(* (1) If supp Tf = A and supp Tg = B, then T(f + c g) = Tf + c Tg has support
   A \/ B unless Tf + c Tg cancels on a non-null part of {Tg <> 0}.  These
   cancellation sets are disjoint for distinct c, so by sigma-finiteness only
   countably many c are bad, and an uncountable field of scalars leaves a good c.
   (2) Rescale the f_j so that ||c_j f_j|| <= 2^-j and let h = sum_j c_j f_j.
   The remainders T(h - sum_(j<n) c_j f_j) tend to 0 in norm, so a subsequence
   tends to 0 a.e.; at a.e. x of A_k they are eventually Th x - c_k Tf_k x
   (the A_j are a.e. disjoint), and off the union they are Th x: hence
   supp Th = \/_j A_j. *)

Section disjoint_family.
Context d (T : measurableType d) (R : realType) (mu : {measure set T -> \bar R}).
Context (I : pointedType) (E : I -> set T).
Hypothesis mE : forall i, measurable (E i).
Hypothesis E_disj : forall i j x, E i x -> E j x -> i = j.

Lemma disjoint_family_heavy_finite (F : set T) (e : R) :
  measurable F -> (mu F < +oo)%E -> 0 < e ->
  finite_set [set i | (e%:E < mu (F `&` E i))%E].
Proof.
move=> mF Ffin e0; apply: contrapT => /infiniteP/pcard_leP/injfunPex[q qheavy qinj].
have mFEq k : measurable (F `&` E (q k)) by exact: measurableI.
have fin_muF : mu F \is a fin_num by rewrite ge0_fin_numE.
pose N := Num.bound (fine (mu F) / e).
have muF_lt : (mu F < (e *+ N)%:E)%E.
  rewrite -(fineK fin_muF) lte_fin -mulr_natr -ltr_pdivrMl // mulrC.
  exact: archi_boundP (divr_ge0 (fine_ge0 (measure_ge0 _ _)) (ltW e0)).
have : (mu (\bigcup_k (F `&` E (q k))) <= mu F)%E.
  by apply: le_measure; rewrite ?inE//; [exact: bigcup_measurable | exact: bigcup_sub].
rewrite leNgt => /negP; apply; rewrite measure_bigcup//; last first.
  move=> i j _ _ [x [[_ Ei] [_ Ej]]]; apply: qinj; rewrite ?inE//; exact: E_disj Ei Ej.
apply: (lt_le_trans muF_lt); apply: le_trans (nneseries_lim_ge N _) => //.
have -> : e *+ N = \sum_(0 <= k < N) e by rewrite sumr_const_nat subn0.
under [X in (_ <= X)%E]eq_bigl do rewrite in_setT.
by rewrite -sumEFin; apply: lee_sum => k _; apply/ltW; exact: qheavy.
Qed.

Lemma disjoint_family_positive_countable (F : set T) :
  measurable F -> (mu F < +oo)%E -> countable [set i | (0 < mu (F `&` E i))%E].
Proof.
move=> mF Ffin.
have -> : [set i | (0 < mu (F `&` E i))%E] =
    \bigcup_n [set i | ((n.+1%:R)^-1%:E < mu (F `&` E i))%E].
  apply/seteqP; split=> [i /= muFEi_gt0|i [n _]]; last exact/lt_trans.
  have muFEi_fin : mu (F `&` E i) \is a fin_num.
    rewrite ge0_fin_numE//; apply: le_lt_trans Ffin.
    by apply: le_measure; rewrite ?inE//; exact: measurableI.
  have /ltr_add_invr[n] : 0 < fine (mu (F `&` E i)).
    by apply: fine_gt0; rewrite muFEi_gt0 -ge0_fin_numE ?ltW.
  by rewrite add0r => n_lt; exists n => //=; rewrite -(fineK muFEi_fin) lte_fin.
apply: bigcup_countable => // n _; apply: finite_set_countable.
exact: disjoint_family_heavy_finite.
Qed.

Lemma sigma_finite_disjoint_family_negligible :
  sigma_finite setT mu -> ~ countable [set: I] -> exists i, mu.-negligible (E i).
Proof.
move=> [F FT mF] Inc.
have Fcount : countable (\bigcup_n [set i | (0 < mu (F n `&` E i))%E]).
  by apply: bigcup_countable => // n _; apply: disjoint_family_positive_countable; case: (mF n).
have [i /= Fi] : exists i, ~ (\bigcup_n [set i | (0 < mu (F n `&` E i))%E]) i.
  by apply/setTPn/eqP => FIT; apply: Inc; rewrite -FIT.
exists i; rewrite -[E i]setTI FT setI_bigcupl; apply: negligible_bigcup => n.
have [mFn _] := mF n; apply/negligibleP; first exact: measurableI.
by apply/eqP; rewrite eq_le measure_ge0 andbT leNgt; apply: contra_notN Fi => ?; exists n.
Qed.

End disjoint_family.

Lemma real_not_countable (R : realType) : ~ countable [set: R].
Proof.
move=> /countable_lebesgue_measure0.
by rewrite -set_itvNyy lebesgue_measure_itv.
Qed.

Lemma exists_negligible_cancellation d (T : measurableType d) (R : realType)
    (mu : {measure set T -> \bar R}) (phi psi : T -> R) :
  sigma_finite setT mu -> measurable_fun setT phi -> measurable_fun setT psi ->
  exists c : R, mu.-negligible [set x | psi x != 0 /\ phi x + c * psi x = 0].
Proof.
move=> mu_sf mphi mpsi.
pose E c := [set x | psi x != 0 /\ phi x + c * psi x = 0].
have mE c : measurable (E c).
  have -> : E c = (setT `&` psi @^-1` [set~ 0]) `&`
      (setT `&` (fun x => phi x + c * psi x) @^-1` [set 0]).
    apply/seteqP; split=> x /=; first by move=> [/eqP psix0 Ex].
    by move=> [[_ psix0] [_ Ex]]; split=> //; apply/eqP.
  apply: measurableI; first exact/mpsi/measurableC.
  by apply: measurable_realfun.measurable_funD => //; exact: measurable_realfun.measurable_funM.
have E_disj c c' x : E c x -> E c' x -> c = c'.
  by move=> [psix0 Ec] [_ Ec']; apply: (mulIf psix0); apply: (addrI (phi x)); rewrite Ec Ec'.
exact: sigma_finite_disjoint_family_negligible mE E_disj mu_sf (@real_not_countable R).
Qed.

Lemma sum_invX2_le (R : numFieldType) (n m : nat) :
  \sum_(n <= k < m) (2 : R) ^- k <= 2 * 2 ^- n.
Proof.
have bound_ge0 k : (0 : R) <= 2 * 2 ^- k.
  by rewrite mulr_ge0 // invr_ge0 exprn_ge0.
case: (leqP n m) => [le_nm|lt_mn]; last by rewrite big_geq // ltnW.
rewrite (telescope_sumr_eq (fun k => - (2 * 2 ^- k))) // => [|k _].
  by rewrite opprK gerDr oppr_le0.
by rewrite opprK exprS invfM mulrA divff ?pnatr_eq0 // mul1r mulr_natl mulr2n addKr.
Qed.

Lemma exists_invX2_lt (R : archiRealFieldType) (e : R) :
  0 < e -> exists N, forall n, (N <= n)%N -> 2 * 2 ^- n < e.
Proof.
move=> e_gt0; exists (Num.bound (2 / e)) => n le_Nn.
rewrite ltr_pdivrMr ?exprn_gt0 // mulrC -ltr_pdivrMr //.
have two_div_ge0 : 0 <= 2 / e by rewrite divr_ge0 // ltW.
apply: lt_le_trans (archi_boundP two_div_ge0) _.
by rewrite -natrX ler_nat (leq_trans le_Nn) // ltnW // ltn_expl.
Qed.

Lemma abs_sums_bounded_eventually_const_eq0 (R : archiRealFieldType)
    (a : nat -> R) (b M : R) (m : nat) :
  (forall K, \sum_(0 <= k < K) `|a k| <= M) -> (forall k, (m <= k)%N -> a k = b) ->
  b = 0.
Proof.
move=> sum_le a_eq; have [//|b_neq0] := eqVneq b 0; exfalso.
have M_ge0 : 0 <= M by have := sum_le 0%N; rewrite big_geq.
have b_gt0 : 0 < `|b| by rewrite normr_gt0.
pose B := Num.bound (M / `|b|).
have := sum_le (m + B)%N; rewrite leNgt => /negP; apply.
rewrite (big_cat_nat (leq0n m) (leq_addr B m)) /=.
apply: ltr_wpDl; first by apply: sumr_ge0 => k _.
rewrite (eq_big_nat _ _ (F2 := fun _ => `|b|)) => [|k /andP[le_mk _]]; last by rewrite a_eq.
rewrite sumr_const_nat addKn -mulr_natr mulrC -ltr_pdivrMr //.
exact: archi_boundP (divr_ge0 M_ge0 (ltW b_gt0)).
Qed.

Section banach_function_lattice.
Context d (Om : measurableType d) (R : realType) (mu : {measure set Om -> \bar R}).
Context (X : set (Om -> R)) (nrm : (Om -> R) -> R).
Hypothesis HX : BanachFunctionLattice mu X nrm.

Definition nrm_cvg0 (u : nat -> Om -> R) :=
  forall e, 0 < e -> exists N, forall n, (N <= n)%N -> nrm (u n) < e.

Lemma bfl_opp f : X f -> X (fun x => - f x).
Proof.
move=> Xf; have := bfl_scale HX (-1) Xf.
by congr X; apply/funext => x; rewrite mulN1r.
Qed.

Lemma bfl_sub f g : X f -> X g -> X (fun x => f x - g x).
Proof. by move=> Xf Xg; apply: (bfl_add HX Xf); exact: bfl_opp. Qed.

Lemma bfl_abs f : X f -> X (fun x => `|f x|).
Proof.
move=> Xf; have := bfl_max HX Xf (bfl_opp Xf).
by congr X; apply/funext => x; rewrite maxrN.
Qed.

Lemma bfl_sum (u : nat -> Om -> R) m n : (forall k, X (u k)) ->
  X (fun x => \sum_(m <= k < n) u k x).
Proof.
move=> Xu; rewrite -fct_sumE; apply: (big_ind X) => //.
  exact: (bfl_zero HX).
exact: (bfl_add HX).
Qed.

Lemma bfl_nrm0 : nrm (fun _ => 0) = 0.
Proof. by apply/(bfl_nrm_def HX (bfl_zero HX)); exact: aeW. Qed.

Lemma bfl_nrm_ge0 f : X f -> 0 <= nrm f.
Proof.
move=> Xf; have := bfl_nrm_triangle HX Xf (bfl_scale HX (-1) Xf).
rewrite (bfl_nrm_scale HX _ Xf) normrN normr1 mul1r.
have -> : (fun x => f x + -1 * f x) = (fun _ => 0).
  by apply/funext => x; rewrite mulN1r subrr.
by rewrite bfl_nrm0 -mulr2n -mulr_natr pmulr_lge0.
Qed.

Lemma bfl_nrm_subC f g : X f -> X g ->
  nrm (fun x => f x - g x) = nrm (fun x => g x - f x).
Proof.
move=> Xf Xg; have := bfl_nrm_scale HX (-1) (bfl_sub Xg Xf).
rewrite normrN normr1 mul1r => <-.
by congr nrm; apply/funext => x; rewrite mulN1r opprB.
Qed.

Lemma bfl_nrm_abs f : X f -> nrm (fun x => `|f x|) = nrm f.
Proof.
move=> Xf; have Xabsf := bfl_abs Xf.
by apply/eqP; rewrite eq_le !(bfl_nrm_lattice HX) //; apply: aeW => x; rewrite normr_id.
Qed.

Lemma bfl_nrm_sum (u : nat -> Om -> R) m n : (forall k, X (u k)) ->
  nrm (fun x => \sum_(m <= k < n) u k x) <= \sum_(m <= k < n) nrm (u k).
Proof.
move=> Xu; rewrite -fct_sumE.
suff [] : X (\sum_(m <= k < n) u k) /\
    nrm (\sum_(m <= k < n) u k) <= \sum_(m <= k < n) nrm (u k) by [].
apply: (big_ind2 (fun f r => X f /\ nrm f <= r)).
- by split; [exact: (bfl_zero HX) | rewrite bfl_nrm0].
- move=> f r g s [Xf le_fr] [Xg le_gs]; split; first exact: (bfl_add HX).
  exact: le_trans (bfl_nrm_triangle HX Xf Xg) (lerD le_fr le_gs).
- by move=> k _; split.
Qed.

Lemma bfl_series_cvg (u : nat -> Om -> R) : (forall k, X (u k)) ->
  (forall k, nrm (u k) <= 2 ^- k) ->
  exists2 F, X F & nrm_cvg0 (fun n x => \sum_(0 <= k < n) u k x - F x).
Proof.
move=> Xu nrm_u.
have XS n : X (fun x => \sum_(0 <= k < n) u k x) by exact: bfl_sum.
have nrm_tail n m : (n <= m)%N ->
    nrm (fun x => \sum_(0 <= k < m) u k x - \sum_(0 <= k < n) u k x) <= 2 * 2 ^- n.
  move=> le_nm.
  have -> : (fun x => \sum_(0 <= k < m) u k x - \sum_(0 <= k < n) u k x) =
      (fun x => \sum_(n <= k < m) u k x).
    by apply/funext => x; rewrite (big_cat_nat (leq0n n) le_nm) /= addrAC subrr add0r.
  apply: le_trans (bfl_nrm_sum n m Xu) _.
  by apply: le_trans (sum_invX2_le R n m); apply: ler_sum => k _.
apply: (bfl_complete HX XS) => e e_gt0.
have [N HN] := exists_invX2_lt e_gt0.
exists N => m n le_Nm le_Nn.
have [le_nm|lt_mn] := leqP n m.
  exact: le_lt_trans (nrm_tail _ _ le_nm) (HN _ le_Nn).
rewrite bfl_nrm_subC //.
exact: le_lt_trans (nrm_tail _ _ (ltnW lt_mn)) (HN _ le_Nm).
Qed.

===============

**Problem to solve:**
All that is needed is the exact run of lines above from the line containing "(fun x => phi" through the line containing "apply: measurableI; first", both of them included.

**Problem solution:**
      (setT `&` (fun x => phi x + c * psi x) @^-1` [set 0]).
    apply/seteqP; split=> x /=; first by move=> [/eqP psix0 Ex].
    by move=> [[_ psix0] [_ Ex]]; split=> //; apply/eqP.
  apply: measurableI; first exact/mpsi/measurableC.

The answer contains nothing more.